Tissue-specific expression of lincRNAs determined by computational analysis was validated by RT-PCR analysis. A total of 10 lincRNAs were selected for validation of their expression in 15 tissues. They include seven linRNAs specifically expressed in a particular tissue (Linc-OM9284 in the brain, Linc-OM8822 in the red muscle, Linc-OM8901 in the intestine, Linc-OM3900 in the stomach, Linc-OM8614 in the testis, Linc-OM8334 in fat, Linc-OM8318 in the kidney), two lincRNAs expressed in two tissues (Linc-OM8912 in oocyte and the skin, Linc-OM9283 in the skin and the liver), and one lincRNA ubiquitously expressed in all tissues (Linc-OM9274). As shown in Fig. 6, the RT-PCR result matches perfectly with the expression profiles estimated from deep sequencing data.
Co-expression of lincRNAs with Neighboring Coding Genes
The occurrence of pairs of neighboring lincRNA, protein-coding genes within expression clusters, suggests that such organization may be important for the regulatory function of lincRNAs (Cabili et al. 2011). Recent studies indicated that some lincRNAs may act in cis and regulate the expression of genes in their chromosomal neighborhood (Orom et al. 2010; Ponjavic et al. 2007; Luo et al. 2013; Cabili et al. 2011; Zhang et al. 2014). One expectation of the cis hypothesis is that the expression of lincRNAs and their neighboring genes would be correlated across all tissue samples. Therefore, we analyzed the expression patterns of 1146 (12 %) of identified lincRNAs that are located within 10 kb from a coding gene. We observed a more correlated expression pattern of lincRNAs and their neighboring coding genes (mean correlation: 0.211) compared to random coding gene pairs (mean correlation 0.042) [p < 2 × 10−16, Kolmogorov-Smirnov (KS) test] (Fig. 7). Meanwhile, lincRNAs: coding gene pairs also exhibited a modestly higher correlative expression pattern than coding gene pairs (mean correlation: 0.115) (p < 2.2 × 10−16, KS test). On the other hand, there is also a significant difference between neighboring coding gene pairs and random coding gene pairs (p < 7.9 × 10−13, KS test). This observation suggests that the correlation between lincRNAs and their neighbor coding genes are higher than both neighboring coding gene pairs and random coding gene pairs.
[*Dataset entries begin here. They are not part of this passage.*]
(* Let $d,e,r\geq 2$ be integers, and let $S(d,e,r)$ be the smallest set of positive integers such that (a) $r\in S$; (b) $n\in S$ whenever $n^e\in S$; (c) $(n+d)^e\in S$ whenever $n\in S$. Then $$S(d,e,r)=\{n\geq 2 : n\not\equiv 0 \pmod d\}$$ if and only if all of the following hold: (1) $d=p$ is prime; (2) $r\not\equiv 0\pmod p$; (3) $e$ is a multiple of the radical of $p-1$, i.e. if $p-1=p_1^{n_1}\cdots p_k^{n_k}$ with distinct primes $p_i$ and $n_i\geq 1$, then $p_1p_2\cdots p_k \mid e$.
   Context: ''Smallest'' means contained in every set of positive integers satisfying (a), (b), (c). The set $S(d,e,r)$ is called a maximal solution when it equals $\{n\geq 2 : n\not\equiv 0 \pmod d\}$. *)

From mathcomp Require Import all_boot.
Set Implicit Arguments. Unset Strict Implicit. Unset Printing Implicit Defensive.

Definition S_closed (d e r : nat) (T : nat -> Prop) : Prop :=
  (forall n, T n -> 0 < n) /\
  T r /\
  (forall n, 0 < n -> T (n ^ e) -> T n) /\
  (forall n, T n -> T ((n + d) ^ e)).

Definition S_set (d e r : nat) (n : nat) : Prop :=
  forall T : nat -> Prop, S_closed d e r T -> T n.

(* Radical of n: product of the distinct primes dividing n (rad 1 = 1). *)
Definition rad (n : nat) : nat := \prod_(q <- primes n) q.

From mathcomp Require Import all_boot ssralg poly zmodp cyclic zify.
Set Implicit Arguments. Unset Strict Implicit. Unset Printing Implicit Defensive.
Import GRing.Theory.

(* Write S for S(d,e,r). Every f with f (n ^ e) = f n and f (n + d) = f n is
   constant on S. When S is maximal it contains 1 + d, so such an f equals f 1
   at every n >= 2 prime to d. For f = (q %| _), with q a prime factor q < d of
   a composite d, this forces q %| 1; for f n = [n ^ ((p-1)/l) = 1 mod p], with
   l a prime factor of p - 1 not dividing e, it gives X^((p-1)/l) - 1 all the
   p - 1 nonzero residues as roots.
   Conversely, if d = p is prime and rad (p-1) %| e, then p - 1 %| e ^ j for j
   large, so n ^ (e ^ j) = 1 mod p for every n prime to p (Fermat). The iterate
   m of n |-> (n + p) ^ e from r is in S and = 1 mod p; since S is closed under
   n |-> n + p (shift, then take an e-th root), the larger n ^ (e ^ j) is in S
   too, and taking e-th roots j times gives n. *)

Lemma Fermat_expn p x k : prime p -> ~~ (p %| x) -> p.-1 %| k -> x ^ k = 1 %[mod p].
Proof.
move=> p_pr p_x /dvdnP [c ->].
have := @Euler_exp_totient x p; rewrite totient_prime // coprime_sym prime_coprime //.
by move=> /(_ p_x) x_pm1; rewrite mulnC expnM -modnXm x_pm1 modnXm exp1n.
Qed.

Lemma coprime_expn_eq1_mod n l e y : coprime e l -> y ^ l = 1 %[mod n] ->
  (y ^ e == 1 %[mod n]) = (y == 1 %[mod n]).
Proof.
move=> co_el y_l; apply/idP/idP => [/eqP y_e | /eqP y1]; last first.
  by rewrite -modnXm y1 modnXm exp1n.
have [e0 | e_gt0] := posnP e.
  by move: co_el; rewrite e0 /coprime gcd0n => /eqP l1; rewrite -y_l l1 expn1.
have [a _] := Bezoutl l e_gt0; rewrite (eqP co_el) => /dvdnP [k Dk].
have : y * (y ^ l) ^ a = (y ^ e) ^ k by rewrite -!expnM -expnS -add1n mulnC Dk mulnC.
move/(congr1 (modn^~ n)); rewrite -modnMm -modnXm y_l modnXm exp1n.
by rewrite -modnXm y_e modnXm exp1n modnMm muln1 => ->.
Qed.

Lemma pow_eq1_mod_prime_expn p l e m n : prime p -> prime l -> m * l = p.-1 ->
  ~~ (l %| e) -> ((n ^ e) ^ m == 1 %[mod p]) = (n ^ m == 1 %[mod p]).
Proof.
move=> p_pr l_pr Dp l_e.
have m_gt0 : 0 < m by have := prime_gt1 p_pr; nia.
rewrite expnAC; have [p_n | p'n] := boolP (p %| n).
  have p_nm k : 0 < k -> n ^ k = 0 %[mod p].
    by move=> k_gt0; apply/eqP; rewrite mod0n -/(dvdn p _) Euclid_dvdX // p_n.
  have e_gt0 : 0 < e by case: e l_e; rewrite ?dvdn0.
  rewrite -expnM !p_nm ?muln_gt0 ?m_gt0 ?e_gt0 // mod0n modn_small ?prime_gt1 //.
apply: (coprime_expn_eq1_mod (l := l)); first by rewrite coprime_sym prime_coprime.
by rewrite -expnM Dp; apply: Fermat_expn.
Qed.

Lemma roots_of_unity_mod_prime_leq p m : prime p -> 0 < m ->
  (forall n, 0 < n < p -> n ^ m = 1 %[mod p]) -> p.-1 <= m.
Proof.
move=> p_pr m_gt0 n_m.
pose rs : seq 'F_p := [seq i%:R | i <- iota 1 p.-1]%R.
have rs_uniq : uniq rs.
  rewrite map_inj_in_uniq ?iota_uniq // => i j; rewrite !mem_iota => i_lt j_lt.
  move/(congr1 (@nat_of_ord _)); rewrite !val_Fp_nat // !modn_small //; lia.
have rs_roots : all (root ('X^m - 1)) rs.
  apply/allP => _ /mapP [i + ->]; rewrite mem_iota => i_lt.
  by rewrite rootE !hornerE -natrX -Fp_nat_mod // n_m ?Fp_nat_mod ?subrr //; lia.
have := max_poly_roots _ rs_roots rs_uniq.
by rewrite -size_poly_eq0 size_Xn_sub_1 // size_map size_iota; apply.
Qed.

Lemma rad_dvdnP n e : reflect {in primes n, forall q, q %| e} (rad n %| e).
Proof.
apply: (iffP idP) => [rad_e q q_n | q_e].
  by apply: dvdn_trans rad_e; rewrite /rad (big_rem q q_n) dvdn_mulr.
have : all prime (primes n) by apply/allP => q; rewrite mem_primes => /andP[].
rewrite /rad.
elim: (primes n) (primes_uniq n) q_e => [|q s IHs] /=; first by rewrite big_nil.
move=> /andP[q's s_uniq] q_e /andP[q_pr s_pr].
rewrite big_cons Gauss_dvd.
  rewrite q_e ?mem_head ?IHs // => q' q'_s.
  by rewrite q_e // inE q'_s orbT.
rewrite prime_coprime // Euclid_dvd_prod // big_has; apply/hasPn => q' q'_s /=.
by rewrite dvdn_prime2 ?(allP s_pr q' q'_s) //; apply: contraNneq q's => ->.
Qed.

Lemma dvdn_exp_of_primes n e : 0 < n -> {in primes n, forall q, q %| e} -> n %| e ^ n.
Proof.
move=> n_gt0 q_e; apply/dvdn_partP => // q q_n; rewrite p_part.
exact: dvdn_trans (dvdn_exp2l _ (ltnW (ltn_logl q n_gt0))) (dvdn_exp2r _ (q_e q q_n)).
Qed.

Lemma iter_shift_expn_mod d e r k :
  iter k (fun n => (n + d) ^ e) r = r ^ (e ^ k) %[mod d].
Proof.
elim: k => [|k IHk] /=; first by rewrite expn1.
by rewrite -modnXm modnDr modnXm -modnXm IHk modnXm -expnM -expnSr.
Qed.

Section Closure.

Variables d e r : nat.

Lemma S_set_r : S_set d e r r.
Proof. by move=> T [_ []]. Qed.

Lemma S_set_root n : 0 < n -> S_set d e r (n ^ e) -> S_set d e r n.
Proof.
move=> n_gt0 S_ne T T_cl; case: (T_cl) => _ [_ [T_root _]].
exact: T_root n_gt0 (S_ne T T_cl).
Qed.

Lemma S_set_shift n : S_set d e r n -> S_set d e r ((n + d) ^ e).
Proof.
move=> S_n T T_cl; case: (T_cl) => _ [_ [_ T_shift]].
exact: T_shift _ (S_n T T_cl).
Qed.

Lemma S_set_ind (P : nat -> Prop) : 0 < r -> P r ->
    (forall n, 0 < n -> P (n ^ e) -> P n) -> (forall n, P n -> P ((n + d) ^ e)) ->
  forall n, S_set d e r n -> P n.
Proof.
move=> r_gt0 Pr P_root P_shift n /(_ (fun n => 0 < n /\ P n)) [] //.
split; first by move=> ? [].
split; first by [].
split; first by move=> m m_gt0 [_ /(P_root _ m_gt0)].
by move=> m [m_gt0 /P_shift]; rewrite expn_gt0 addn_gt0 m_gt0.
Qed.

Lemma S_set_invariant (T : Type) (f : nat -> T) : 0 < r ->
    (forall n, f (n ^ e) = f n) -> (forall n, f (n + d) = f n) ->
  forall n, S_set d e r n -> f n = f r.
Proof.
move=> r_gt0 f_root f_shift; apply: S_set_ind => // n; first by rewrite f_root.
by rewrite f_root f_shift.
Qed.

Lemma S_set_root_iter j n : 0 < n -> S_set d e r (n ^ (e ^ j)) -> S_set d e r n.
Proof.
move=> n_gt0; elim: j => [|j IHj]; first by rewrite expn1.
rewrite expnSr expnM => S_nej; apply: IHj; apply: S_set_root S_nej.
by rewrite expn_gt0 n_gt0.
Qed.

Lemma S_set_iter k : S_set d e r (iter k (fun n => (n + d) ^ e) r).
Proof. by elim: k => [|k IHk] /=; [exact: S_set_r | exact: S_set_shift]. Qed.

Hypothesis d_gt0 : 0 < d.

Lemma S_set_addn n : S_set d e r n -> S_set d e r (n + d).
Proof. by move/S_set_shift; apply: S_set_root; rewrite addn_gt0 d_gt0 orbT. Qed.

Lemma S_set_mod m n : S_set d e r m -> m <= n -> n = m %[mod d] -> S_set d e r n.
Proof.
move=> S_m le_mn /eqP; rewrite eqn_mod_dvd // => /dvdnP [k Dk].
rewrite -(subnKC le_mn) Dk {Dk le_mn}; elim: k => [|k IHk]; first by rewrite addn0.
by rewrite mulSn addnCA addnC; apply: S_set_addn.
Qed.

End Closure.

Definition maximal_solution d e r :=
  forall n, S_set d e r n <-> 2 <= n /\ ~~ (d %| n).

Lemma S_set_sub_maximal p e r : prime p -> 0 < e -> 1 < r -> ~~ (p %| r) ->
  forall n, S_set p e r n -> 1 < n /\ ~~ (p %| n).
Proof.
move=> p_pr e_gt0 r_gt1 p'r; apply: S_set_ind => [|//|n n_gt0 []|n []].
- exact: ltnW.
- rewrite -[X in X < _](exp1n e) ltn_exp2r // Euclid_dvdX // e_gt0 andbT.
  by move=> n_gt1 p'n; split.
- move=> n_gt1 p'n; rewrite -[X in X < _](exp1n e) ltn_exp2r // ltn_addr //.
  by rewrite Euclid_dvdX // e_gt0 andbT dvdn_addl.
Qed.

Lemma maximal_sub_S_set p e r : prime p -> 1 < e -> ~~ (p %| r) -> rad p.-1 %| e ->
  forall n, 1 < n -> ~~ (p %| n) -> S_set p e r n.
Proof.
move=> p_pr e_gt1 p'r /rad_dvdnP rad_e n n_gt1 p'n.
have p1_e : p.-1 %| e ^ p.-1.
  by apply: dvdn_exp_of_primes => //; have := prime_gt1 p_pr; lia.
set m := iter p.-1 (fun n => (n + p) ^ e) r.
have m_1 : m = 1 %[mod p] by rewrite iter_shift_expn_mod Fermat_expn.
set j := p.-1 + m.
have p1_ej : p.-1 %| e ^ j by rewrite expnD dvdn_mulr.
apply: (S_set_root_iter (j := j)); first exact: ltnW.
apply: (S_set_mod (prime_gt0 p_pr) (S_set_iter p.-1)).
  apply: leq_trans (leq_addl p.-1 m) (ltnW (ltn_trans (ltn_expl j e_gt1) _)).
  exact: ltn_expl.
by rewrite m_1 Fermat_expn.
Qed.

Section Necessity.

Variables d e r : nat.
Hypotheses (d_gt1 : 1 < d) (maxS : maximal_solution d e r).

Lemma maximal_solution_invariant (T : Type) (f : nat -> T) :
    (forall n, f (n ^ e) = f n) -> (forall n, f (n + d) = f n) ->
  forall n, 1 < n -> ~~ (d %| n) -> f n = f 1.
Proof.
move=> f_root f_shift.
have [r_gt1 _] := (maxS r).1 (@S_set_r d e r).
have f_S := S_set_invariant (ltnW r_gt1) f_root f_shift.
move=> n n_gt1 d'n; rewrite f_S; last exact/maxS.
rewrite -(f_S (1 + d)) ?f_shift //; apply/maxS.
by split; [rewrite add1n ltnS ltnW | rewrite dvdn_addl // dvdn1 gtn_eqF].
Qed.

Lemma maximal_solution_prime : 0 < e -> prime d.
Proof.
move=> e_gt0; apply: contraT => d'pr.
have q_pr : prime (pdiv d) := pdiv_prime d_gt1.
have q_lt_d : pdiv d < d.
  by rewrite ltn_neqAle pdiv_leq 1?ltnW // andbT; apply: contraNneq d'pr => <-.
have q_root n : (pdiv d %| n ^ e) = (pdiv d %| n) by rewrite Euclid_dvdX // e_gt0 andbT.
have q_shift n : (pdiv d %| n + d) = (pdiv d %| n) by rewrite dvdn_addl // pdiv_dvd.
have := maximal_solution_invariant q_root q_shift (prime_gt1 q_pr).
rewrite gtnNdvd ?prime_gt0 // dvdnn dvdn1 => /(_ isT) /esym/eqP q1.
by have := prime_gt1 q_pr; rewrite q1.
Qed.

Lemma maximal_solution_rad : prime d -> rad d.-1 %| e.
Proof.
move=> d_pr; apply/rad_dvdnP => l; rewrite mem_primes => /and3P [l_pr _ l_d1].
apply: contraT => l'e; set m := d.-1 %/ l.
have Dd1 : m * l = d.-1 := divnK l_d1.
have l_gt1 := prime_gt1 l_pr.
have m_gt0 : 0 < m by nia.
have : d.-1 <= m; last by nia.
apply: roots_of_unity_mod_prime_leq => // n /andP [n_gt0 n_lt_d].
have m_root n' : ((n' ^ e) ^ m == 1 %[mod d]) = (n' ^ m == 1 %[mod d]).
  exact: pow_eq1_mod_prime_expn Dd1 l'e.
have m_shift n' : ((n' + d) ^ m == 1 %[mod d]) = (n' ^ m == 1 %[mod d]).
  by rewrite -modnXm modnDr modnXm.
have [-> | n_gt1] : n = 1 \/ 1 < n by lia.
  by rewrite exp1n.
apply/eqP; rewrite (maximal_solution_invariant m_root m_shift n_gt1) ?exp1n //.
by rewrite gtnNdvd.
Qed.

End Necessity.

Theorem theorem17 (d e r : nat) (hd : 2 <= d) (he : 2 <= e) (hr : 2 <= r) :
  (forall n : nat, S_set d e r n <-> (2 <= n /\ ~~ (d %| n))) <->
  [/\ prime d, ~~ (d %| r) & rad d.-1 %| e].
Proof.
have e_gt0 : 0 < e := ltnW he.
rewrite -/(maximal_solution d e r); split => [maxS | [d_pr d'r rad_e] n].
  have d_pr := maximal_solution_prime hd maxS e_gt0.
  split => //; last exact: maximal_solution_rad maxS d_pr.
  by have [] := (maxS r).1 (@S_set_r d e r).
split; first exact: S_set_sub_maximal.
by case; apply: maximal_sub_S_set.
Qed.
Functional Prediction of lincRNAs Based on Co-expression Network
The comprehensive lincRNA catalog allows us to investigate the potential functions of these novel transcripts in rainbow trout. Here, we built a co-expression network to associate lincRNAs with mRNAs by performing weighted gene co-expression network analysis (WGCNA) (Langfelder and Horvath 2008) and inferred the putative lincRNA functions based on “guilty-by-association” analysis. By clustering correlated genes together, we identified 34 co-expression gene modules containing 2963 lincRNAs and 10,321 protein-coding genes in total (Supplemental files 5 and 6). Notably, 6 of 34 modules are related to immune response, muscle differentiation, and neural development based on the enriched GO terms associated with their modules (Fig. 8).
The functional annotations enriched in four modules (blue, grey60, tan, and green) are functionally related to immune responses (Fig. 8b and Supplemental file 7). In each of these four modules, we observed many lincRNAs that are highly expressed in the spleen, gill, and intestine (Fig. 8a), suggesting that these lincRNAs might be involved in immune-related processes. In the blue module, many genes were enriched in T cell receptor signaling and PI3K/AKT/mTOR signaling pathways (Supplemental file 8). The lincRNAs that are co-expressed with tyrosine-protein kinase (ITK), which phosphorylates PLCγ1 in T cell signaling (Andreotti et al. 2010), may play important roles in T cell signaling and function. PI3K and mTOR signaling pathways are important in regulating immune cell activation in neutrophils and mast cells and type I interferon production (Weichhart and Saemann 2008). Those lincRNAs that are co-expressed with PI3K or mTOR pathway genes are likely involved in these immune processes (Supplemental file 8). In grey60 module, the lincRNAs that are co-expressed with integrin, which mediates immune cells to penetrate into tissues (Evans et al. 2009), may play critical roles in immune cell migration and cell-cell interactions that occur during the course of an immune response. In the tan module, the lincRNAs that are co-expressed with Rab20, a key player in phagosome maturation (Pei et al. 2014), may function in phagocytosis. Likewise, lincRNAs in green module are co-expressed with MHC class I genes (Neefjes et al. 2011), indicating that they might be involved in processing and presenting antigen to T cells.
Genes in cyan module contains transcripts (165 protein-coding genes and 15 lincRNAs) that are highly expressed in muscle (Fig. 8). Most of the enriched genes in this module are related to functions or development of muscle (Supplemental file 7). Notably, the lincRNAs that are co-expressed with myoblast determination protein 2 (MyoD2) may play roles in regulating muscle differentiation. A previous study has demonstrated the role of a specific lncRNA in controlling muscle differentiation (Cesana et al. 2011).
Recent studies have shown that many lncRNAs are brain-specific, indicating their indispensable roles in brain development (Ng et al. 2012; Clark and Blackshaw 2014). This study also found that brain has the most tissue-specific lincRNAs (Fig. 4c). The lincRNAs in light yellow module are co-expressed with genes important for neural differentiation and development, such as dihydropyrimidinase-related protein (DRP) and Draxin precursor, indicating that they may function as important regulators of neurogenesis.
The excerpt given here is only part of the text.